He said he found a receptive audience among lawmakers.

“I asked them to really intervene to end occupation and to help us as Palestinians to get our freedom and justice and equality as everybody else in the world,” Amro said he told the members of Congress he met with. “They respect my work, I [got] a lot of positive feedback from them about what I’m doing and my peaceful approach. They are considering to either come to Palestine or to speak about Palestinian rights here or pass legislation in the Congress to support Palestinian human rights.”

However, Congress’s general hesitance to speak critically of Israel was not lost on Amro during the meetings.
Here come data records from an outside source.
(* Let $U=\begin{pmatrix} a & b\\ c & d\end{pmatrix}$ be a $2\times 2$ unitary matrix with $abcd\neq 0$. Let $\Phi=\{{}^t[\alpha,\beta]\in\mathbf{C}^2:|\alpha|^2+|\beta|^2=1\}$ and define $$\Phi_s=\{\varphi\in\Phi: P(X_n^{\varphi}=k)=P(X_n^{\varphi}=-k)\text{ for all } n\in\mathbf{Z}_+,\ k\in\mathbf{Z}\},$$ $$\Phi_0=\{\varphi\in\Phi: E(X_n^{\varphi})=0\text{ for all } n\in\mathbf{Z}_+\},$$ $$\Phi_{\perp}=\{\varphi={}^t[\alpha,\beta]\in\Phi: |\alpha|=|\beta|,\ a\alpha\overline{b\beta}+\overline{a\alpha}b\beta=0\}.$$ Then $\Phi_s=\Phi_0=\Phi_{\perp}$.
   Context: $\mathbf{Z}_+$ denotes the non-negative integers. Quantum random walk on $\mathbf{Z}$ determined by $U$: set $P=\begin{pmatrix} a & b\\ 0&0\end{pmatrix}$, $Q=\begin{pmatrix} 0&0\\ c & d\end{pmatrix}$. For $\varphi\in\Phi$, define amplitudes $\Psi_k(n)\in\mathbf{C}^2$ by $\Psi_0(0)=\varphi$, $\Psi_k(0)=0$ for $k\neq0$, and $\Psi_k(n+1)=P\Psi_{k+1}(n)+Q\Psi_{k-1}(n)$; $X_n^{\varphi}$ takes value $k$ with probability $P(X_n^{\varphi}=k)=\|\Psi_k(n)\|^2$. $\overline{z}$ denotes complex conjugate. *)

(* complex numbers R[i] over an arbitrary real closed field R
   (mathcomp-real-closed `complex`); R = reals gives the usual C. *)
From HB Require Import structures.
From mathcomp Require Import all_boot all_order all_algebra.
From mathcomp Require Import complex.
Set Implicit Arguments. Unset Strict Implicit. Unset Printing Implicit Defensive.
Import Order.TTheory GRing.Theory Num.Theory.
Local Open Scope ring_scope.

Section QW.
Variable R : rcfType.
Local Notation C := R[i].

Definition mx2 (a b c d : C) : 'M[C]_2 :=
  \matrix_(i < 2, j < 2)
    if i == 0 then (if j == 0 then a else b) else (if j == 0 then c else d).

Definition col2 (x y : C) : 'cV[C]_2 :=
  \col_(i < 2) if i == 0 then x else y.

Definition unitary_mx (U : 'M[C]_2) : Prop :=
  U *m (map_mx Num.conj U)^T = 1%:M.

Definition sqnorm (v : 'cV[C]_2) : C :=
  `|v 0 0| ^+ 2 + `|v 1 0| ^+ 2.

Definition inPhi (phi : 'cV[C]_2) : Prop := sqnorm phi = 1.

(* amplitudes Psi_k(n) of the walk determined by U = mx2 a b c d *)
Fixpoint Psi (a b c d : C) (phi : 'cV[C]_2) (n : nat) (k : int) : 'cV[C]_2 :=
  match n with
  | 0 => if k == 0 then phi else 0
  | n'.+1 => mx2 a b 0 0 *m Psi a b c d phi n' (k + 1)
             + mx2 0 0 c d *m Psi a b c d phi n' (k - 1)
  end.

Definition prob (a b c d : C) (phi : 'cV[C]_2) (n : nat) (k : int) : C :=
  sqnorm (Psi a b c d phi n k).

(* E(X_n^phi) = sum_k k P(X_n = k); X_n is supported on [-n, n]
   (sum taken over k = -n, ..., n) *)
Definition expect (a b c d : C) (phi : 'cV[C]_2) (n : nat) : C :=
  \sum_(0 <= i < (2 * n).+1)
     ((i%:Z - n%:Z)%:~R * prob a b c d phi n (i%:Z - n%:Z)).

Definition inPhi_s (a b c d : C) (phi : 'cV[C]_2) : Prop :=
  inPhi phi /\
  forall (n : nat) (k : int), prob a b c d phi n k = prob a b c d phi n (- k).

Definition inPhi_0 (a b c d : C) (phi : 'cV[C]_2) : Prop :=
  inPhi phi /\ forall n : nat, expect a b c d phi n = 0.

Definition inPhi_perp (a b c d : C) (phi : 'cV[C]_2) : Prop :=
  inPhi phi /\
  let al := phi 0 0 in let be := phi 1 0 in
  `|al| = `|be| /\
  a * al * (b * be)^* + (a * al)^* * (b * be) = 0.

End QW.

From Pilot Require Import Defs.
From HB Require Import structures.
From mathcomp Require Import all_boot all_order all_algebra.
From mathcomp Require Import complex ring zify.
Set Implicit Arguments. Unset Strict Implicit. Unset Printing Implicit Defensive.
Import Order.TTheory GRing.Theory Num.Theory.
Local Open Scope ring_scope.

(* A symmetric distribution has mean zero.  Conversely, let (u, v) = U (al, be)
   be the first step.  Then E(X_1) = |v|^2 - |u|^2, and once E(X_1) = 0,
   E(X_3) = 2 |b|^2 W with W = 2 Re (b conj(d) v conj(u)).  By unitarity
   |al|^2 - |be|^2 and 2 Re (a al conj(b be)) are linear combinations of
   E(X_1) and W, so E(X_1) = E(X_3) = 0 puts phi in Phi_perp.
   For phi in Phi_perp one gets a c al^2 = b d be^2, and then by induction on n
   (d/a)^k b d Psi_(-k)(n)_2 = lambda Psi_k(n)_1 and
   (d/a)^k a c Psi_(-k)(n)_1 = lambda Psi_k(n)_2 with lambda = b d be / al.
   As |d/a| = 1 and |lambda| = |b d| = |a c|, reflecting k swaps the moduli of
   the two components of Psi_k(n), which leaves P(X_n = k) unchanged. *)

Lemma eq_normC (C : numClosedFieldType) (x y : C) :
  x * x^* = y * y^* -> `|x| = `|y|.
Proof. by move=> h; apply/eqP; rewrite -(@eqrXn2 _ 2) // !normCK h. Qed.

Lemma norm_exprz1 (F : numFieldType) (t : F) (k : int) :
  `|t| = 1 -> `|t ^ k| = 1.
Proof.
by move=> t1; case: k => n; rewrite /exprz ?normfV normrX t1 expr1n ?invr1.
Qed.

(* Primed variables stand for complex conjugates: all identities below are
   polynomial, so they are stated over an arbitrary field. *)
Section Unitary2.
Variables (F : fieldType) (a a' b b' c c' d d' : F).
Hypotheses (U00 : a * a' + b * b' = 1) (U01 : a * c' + b * d' = 0)
  (U10 : c * a' + d * b' = 0) (U11 : c * c' + d * d' = 1).

Lemma unitary2_diag : a * a' = d * d'.
Proof.
apply/eqP; rewrite -subr_eq0; apply/eqP.
have -> : a * a' - d * d' = (a * a' + b * b' - 1) * d * d'
    - a * a' * (c * c' + d * d' - 1) + (a * c' + b * d') * a' * c
    - b * d' * (c * a' + d * b') by ring.
by rewrite U00 U11 U01 U10 !subrr; ring.
Qed.

Lemma unitary2_antidiag : b * b' = c * c'.
Proof.
have -> : b * b' = 1 - a * a' by rewrite -U00; ring.
by rewrite unitary2_diag -U11; ring.
Qed.

Hypotheses (a_neq0 : a != 0) (a'_neq0 : a' != 0) (b_neq0 : b != 0) (d_neq0 : d != 0).

Lemma unitary2_coefs :
  [/\ c = - (d * b') / a', c' = - (b * d') / a, b' = (1 - a * a') / b
    & d' = a * a' / d].
Proof.
split.
- by apply: (mulIf a'_neq0); rewrite mulfVK // -[LHS]subr0 -U10; ring.
- by apply: (mulIf a_neq0); rewrite mulfVK // -[LHS]subr0 -U01; ring.
- by apply: (mulIf b_neq0); rewrite mulfVK // -U00; ring.
- by apply: (mulIf d_neq0); rewrite mulfVK // unitary2_diag mulrC.
Qed.

Variables (x x' y y' : F).
Local Notation u := (a * x + b * y).
Local Notation u' := (a' * x' + b' * y').
Local Notation v := (c * x + d * y).
Local Notation v' := (c' * x' + d' * y').
Local Notation W := (b * d' * v * u' + b' * d * v' * u).

Lemma expect3_poly_decomp :
  3%:R * (d * (d * v) * (d' * (d' * v')) - a * (a * u) * (a' * (a' * u')))
    + b * (d * v) * (b' * (d' * v'))
    + (c * (b * v) + d * (c * u)) * (c' * (b' * v') + d' * (c' * u'))
    - (a * (b * v) + b * (c * u)) * (a' * (b' * v') + b' * (c' * u'))
    - c * (a * u) * (c' * (a' * u'))
  = 2%:R * b * b' * W - (3%:R * (a * a') ^+ 2 + (b * b') ^+ 2) * (u * u' - v * v').
Proof.
by case: unitary2_coefs => -> -> -> ->; field; rewrite ?a_neq0 ?a'_neq0 ?b_neq0 ?d_neq0.
Qed.

Lemma perp_of_step_balanced : u * u' = v * v' -> W = 0 ->
  x * x' = y * y' /\ a * b' * x * y' + a' * b * x' * y = 0.
Proof.
move=> uv W0; have K0 : u * u' - v * v' = 0 by rewrite uv subrr.
have eX : x * x' - y * y' = (a * a' - b * b') * (u * u' - v * v') - 2%:R * W.
  by case: unitary2_coefs => -> -> -> ->; field; rewrite ?a_neq0 ?a'_neq0 ?b_neq0 ?d_neq0.
have eZ : a * b' * x * y' + a' * b * x' * y
    = 2%:R * (a * a') * (b * b') * (u * u' - v * v') + (a * a' - b * b') * W.
  by case: unitary2_coefs => -> -> -> ->; field; rewrite ?a_neq0 ?a'_neq0 ?b_neq0 ?d_neq0.
split; last by rewrite eZ K0 W0; ring.
by apply/eqP; rewrite -subr_eq0 eX K0 W0 !mulr0 subr0.
Qed.

Lemma ac_bd_of_perp : y' != 0 -> x * x' = y * y' ->
  a * b' * x * y' + a' * b * x' * y = 0 -> a * c * x ^+ 2 = b * d * y ^+ 2.
Proof.
move=> y'_neq0 xy Z0; apply: (mulIf (mulf_neq0 a'_neq0 y'_neq0)).
apply/eqP; rewrite -subr_eq0.
have -> : a * c * x ^+ 2 * (a' * y') - b * d * y ^+ 2 * (a' * y')
  = a * x ^+ 2 * y' * (c * a' + d * b') + a' * b * d * y * (x * x' - y * y')
    - d * x * (a * b' * x * y' + a' * b * x' * y) by ring.
by rewrite U10 xy Z0 subrr; apply/eqP; ring.
Qed.
End Unitary2.

Lemma unitary_mx2P (R : rcfType) (a b c d : R[i]) :
  unitary_mx (mx2 a b c d) ->
  [/\ a * a^* + b * b^* = 1, a * c^* + b * d^* = 0, c * a^* + d * b^* = 0
    & c * c^* + d * d^* = 1].
Proof.
move/matrixP=> U; move: (U 0 0) (U 0 1) (U 1 0) (U 1 1).
by rewrite !mxE !big_ord_recl !big_ord0 !mxE /= !addr0 => -> -> -> ->.
Qed.

Section Walk.
Variables (R : rcfType) (a b c d : R[i]) (phi : 'cV[R[i]]_2).
Local Notation Psi := (Psi a b c d phi).
Local Notation prob := (prob a b c d phi).
Local Notation expect := (expect a b c d phi).
Local Notation al := (phi 0 0).
Local Notation be := (phi 1 0).

Lemma mulmx_mx2 (p q r s : R[i]) (v : 'cV[R[i]]_2) :
  (mx2 p q r s *m v) 0 0 = p * v 0 0 + q * v 1 0 /\
  (mx2 p q r s *m v) 1 0 = r * v 0 0 + s * v 1 0.
Proof.
have lift00 : lift ord0 ord0 = 1 :> 'I_2 by apply: val_inj.
by rewrite !mxE !big_ord_recl !big_ord0 !mxE /= !addr0 lift00; split.
Qed.

Lemma Psi0E k i : Psi 0 k i 0 = if k == 0 then phi i 0 else 0.
Proof. by rewrite /=; case: (k == 0); rewrite ?mxE. Qed.

Lemma PsiS_top n k :
  Psi n.+1 k 0 0 = a * Psi n (k + 1) 0 0 + b * Psi n (k + 1) 1 0.
Proof.
rewrite /= mxE (mulmx_mx2 a b 0 0 _).1 (mulmx_mx2 0 0 c d _).1.
by rewrite !(mul0r, addr0).
Qed.

Lemma PsiS_bot n k :
  Psi n.+1 k 1 0 = c * Psi n (k - 1) 0 0 + d * Psi n (k - 1) 1 0.
Proof.
rewrite /= mxE (mulmx_mx2 a b 0 0 _).2 (mulmx_mx2 0 0 c d _).2.
by rewrite !(mul0r, add0r).
Qed.

Local Notation u := (a * al + b * be).
Local Notation v := (c * al + d * be).

Lemma expect1E : expect 1 = `|v| ^+ 2 - `|u| ^+ 2.
Proof.
rewrite /expect /Defs.prob /sqnorm !big_nat_recr // big_geq // add0r.
rewrite !PsiS_top !PsiS_bot !Psi0E /= !(mulr0, addr0, normr0) expr0n /=.
ring.
Qed.

(* [Psi] is abstracted first: otherwise matching compares distinct [Psi n k]
   by unfolding the recursion. *)
Lemma expect3E :
  expect 3 = 3%:R * (`|d * (d * v)| ^+ 2 - `|a * (a * u)| ^+ 2)
    + `|b * (d * v)| ^+ 2 + `|c * (b * v) + d * (c * u)| ^+ 2
    - `|a * (b * v) + b * (c * u)| ^+ 2 - `|c * (a * u)| ^+ 2.
Proof.
rewrite /expect /Defs.prob /sqnorm !big_nat_recr // big_geq // add0r.
move: PsiS_top PsiS_bot Psi0E; move: Psi => f f_top f_bot f0.
rewrite !(f_top, f_bot) !f0 /= !(mulr0, addr0, add0r, normr0) /=.
ring.
Qed.

Lemma expect_eq0_of_sym n :
  (forall k, prob n k = prob n (- k)) -> expect n = 0.
Proof.
move=> sym; have antisym : expect n = - expect n.
  rewrite {1}/expect big_nat_rev /= -sumrN; apply: eq_big_nat => i /andP[_ lt_i].
  have -> : (0 + (2 * n).+1 - i.+1)%N%:Z - n%:Z = - (i%:Z - n%:Z) by lia.
  by rewrite mulrNz -sym mulNr.
have /eqP : expect n *+ 2 = 0 by rewrite mulr2n {1}antisym addNr.
by rewrite mulrn_eq0 => /eqP.
Qed.

Section Reflection.
Hypotheses (a_neq0 : a != 0) (b_neq0 : b != 0) (d_neq0 : d != 0)
  (al_neq0 : al != 0) (ac_bd : a * c * al ^+ 2 = b * d * be ^+ 2).
Local Notation lambda := (b * d * be / al).

Lemma Psi_reflect n k :
  (d / a) ^ k * (b * d * Psi n (- k) 1 0) = lambda * Psi n k 0 0 /\
  (d / a) ^ k * (a * c * Psi n (- k) 0 0) = lambda * Psi n k 1 0.
Proof.
have da_neq0 : d / a != 0 by rewrite mulf_neq0 ?invr_eq0.
elim: n k => [|n IHn] k.
  rewrite !Psi0E oppr_eq0; case: eqP => [->|_]; last by rewrite !mulr0.
  rewrite expr0z !mul1r; split; first by field.
  transitivity (a * c * al ^+ 2 / al); first by field.
  by rewrite ac_bd; field.
have [top_succ bot_succ] := IHn (k + 1); have [top_pred bot_pred] := IHn (k - 1).
rewrite opprD in top_succ bot_succ.
rewrite opprB [1 - k]addrC in top_pred bot_pred.
rewrite !(PsiS_top, PsiS_bot); split.
  rewrite [in RHS]mulrDr ![lambda * (_ * _)]mulrCA -top_succ -bot_succ.
  by rewrite expfzDr // expr1z; field.
rewrite [in RHS]mulrDr ![lambda * (_ * _)]mulrCA -top_pred -bot_pred.
by rewrite -{1}(subrK 1 k) expfzDr // expr1z; field.
Qed.

Hypotheses (a_d : `|a| = `|d|) (b_c : `|b| = `|c|) (al_be : `|al| = `|be|).

Lemma prob_reflect n k : prob n (- k) = prob n k.
Proof.
have [top bot] := Psi_reflect n k.
have da1 : `|(d / a) ^ k| = 1.
  by apply: norm_exprz1; rewrite normf_div a_d divff // normr_eq0.
have lambda_bd : `|lambda| = `|b * d|.
  by rewrite normf_div normrM -al_be mulfK // normr_eq0.
have ac_bd' : `|a * c| = `|b * d| by rewrite !normrM a_d b_c mulrC.
have bd_neq0 : `|b * d| != 0 by rewrite normr_eq0 mulf_neq0.
have top' : `|Psi n (- k) 1 0| = `|Psi n k 0 0|.
  apply: (mulfI bd_neq0).
  by rewrite -{2}lambda_bd -[LHS]mul1r -da1 -!normrM top.
have bot' : `|Psi n (- k) 0 0| = `|Psi n k 1 0|.
  apply: (mulfI bd_neq0).
  by rewrite -{1}ac_bd' -lambda_bd -[LHS]mul1r -da1 -!normrM bot.
by rewrite /Defs.prob /sqnorm top' bot' addrC.
Qed.
End Reflection.
End Walk.

Lemma mulf4_neq0 (F : idomainType) (a b c d : F) :
  a * b * c * d != 0 -> [&& a != 0, b != 0, c != 0 & d != 0].
Proof. by rewrite !mulf_eq0 !negb_or -!andbA. Qed.

Lemma inPhi_0_of_s (R : rcfType) (a b c d : R[i]) (phi : 'cV[R[i]]_2) :
  inPhi_s a b c d phi -> inPhi_0 a b c d phi.
Proof. by case=> unit sym; split=> // n; apply: expect_eq0_of_sym. Qed.

Lemma inPhi_perp_of_0 (R : rcfType) (a b c d : R[i]) (phi : 'cV[R[i]]_2) :
  unitary_mx (mx2 a b c d) -> a * b * c * d != 0 ->
  inPhi_0 a b c d phi -> inPhi_perp a b c d phi.
Proof.
move=> /unitary_mx2P[U00 U01 U10 U11] abcd_neq0 [unit E]; split=> //=.
have /and4P[a_neq0 b_neq0 _ d_neq0] := mulf4_neq0 abcd_neq0.
have a'_neq0 : a^* != 0 by rewrite conjC_eq0.
move: (E 1%N) (E 3%N); rewrite expect1E expect3E !normCK !(rmorphD, rmorphM).
move=> /eqP; rewrite subr_eq0 eq_sym => /eqP E1.
rewrite (expect3_poly_decomp U00 U01 U10 U11) // E1 subrr mulr0 subr0.
move=> /eqP; rewrite !mulf_eq0 pnatr_eq0 conjC_eq0 (negbTE b_neq0) /= => /eqP W0.
have [xy Z0] := perp_of_step_balanced U00 U01 U10 U11 a_neq0 a'_neq0 b_neq0 d_neq0 E1 W0.
by split; [apply: eq_normC | rewrite -[RHS]Z0; ring].
Qed.

Lemma inPhi_balanced_neq0 (R : rcfType) (phi : 'cV[R[i]]_2) :
  inPhi phi -> `|phi 0 0| = `|phi 1 0| -> phi 0 0 != 0 /\ phi 1 0 != 0.
Proof.
move=> unit al_be.
have al_neq0 : phi 0 0 != 0.
  apply/eqP=> al0; move: unit; rewrite /inPhi /sqnorm -al_be al0 normr0.
  by rewrite expr0n addr0 => /eqP; rewrite eq_sym oner_eq0.
by split=> //; rewrite -normr_eq0 -al_be normr_eq0.
Qed.

Lemma inPhi_s_of_perp (R : rcfType) (a b c d : R[i]) (phi : 'cV[R[i]]_2) :
  unitary_mx (mx2 a b c d) -> a * b * c * d != 0 ->
  inPhi_perp a b c d phi -> inPhi_s a b c d phi.
Proof.
move=> /unitary_mx2P[U00 U01 U10 U11] abcd_neq0 [unit /= [al_be Z0]].
split=> // n k.
have /and4P[a_neq0 b_neq0 _ d_neq0] := mulf4_neq0 abcd_neq0.
have [al_neq0 be_neq0] := inPhi_balanced_neq0 unit al_be.
have xy : phi 0 0 * (phi 0 0)^* = phi 1 0 * (phi 1 0)^* by rewrite -!normCK al_be.
have Z0' : a * b^* * phi 0 0 * (phi 1 0)^* + a^* * b * (phi 0 0)^* * phi 1 0 = 0.
  by rewrite -Z0 !rmorphM; ring.
have ac_bd : a * c * phi 0 0 ^+ 2 = b * d * phi 1 0 ^+ 2.
  by apply: (ac_bd_of_perp U10) xy Z0'; rewrite conjC_eq0.
have a_d := eq_normC (unitary2_diag U00 U01 U10 U11).
have b_c := eq_normC (unitary2_antidiag U00 U01 U10 U11).
by rewrite (prob_reflect a_neq0 b_neq0 d_neq0 al_neq0 ac_bd a_d b_c al_be).
Qed.

Theorem theorem4 (R : rcfType) (a b c d : R[i]) :
  unitary_mx (mx2 a b c d) -> a * b * c * d != 0 ->
  forall phi : 'cV[R[i]]_2,
    (inPhi_s a b c d phi <-> inPhi_0 a b c d phi) /\
    (inPhi_0 a b c d phi <-> inPhi_perp a b c d phi).
Proof.
move=> U abcd_neq0 phi.
have perp_of_0 := @inPhi_perp_of_0 R a b c d phi U abcd_neq0.
have s_of_perp := @inPhi_s_of_perp R a b c d phi U abcd_neq0.
split; split.
- exact: inPhi_0_of_s.
- by move=> /perp_of_0/s_of_perp.
- exact: perp_of_0.
- by move=> /s_of_perp/inPhi_0_of_s.
Qed.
“I felt a few of them are a little bit hesitant to go public, not to be criticized by the right-wing groups here in the U.S. That made me feel a little bit that the occupation is destroying even the democracy in the United States,” he said.

Amro reserved special praise for Sanders, whom he met with two weeks ago.

“The first thing I told him was, ‘You are my hero. And if I was an American I would campaign for you to win the election,’” he said. “I quote him always when he said in one of his public meetings that he admired the energy of the youth, and the young generation, and he can’t make a change alone as a president of the United States. He needs all of the young energy to be with him to make a real change. I wanted what Sanders wants for the Americans for the Palestinians, too. The freedom, the equality, the justice.”

Sanders’s office declined to comment, citing the private nature of the meeting.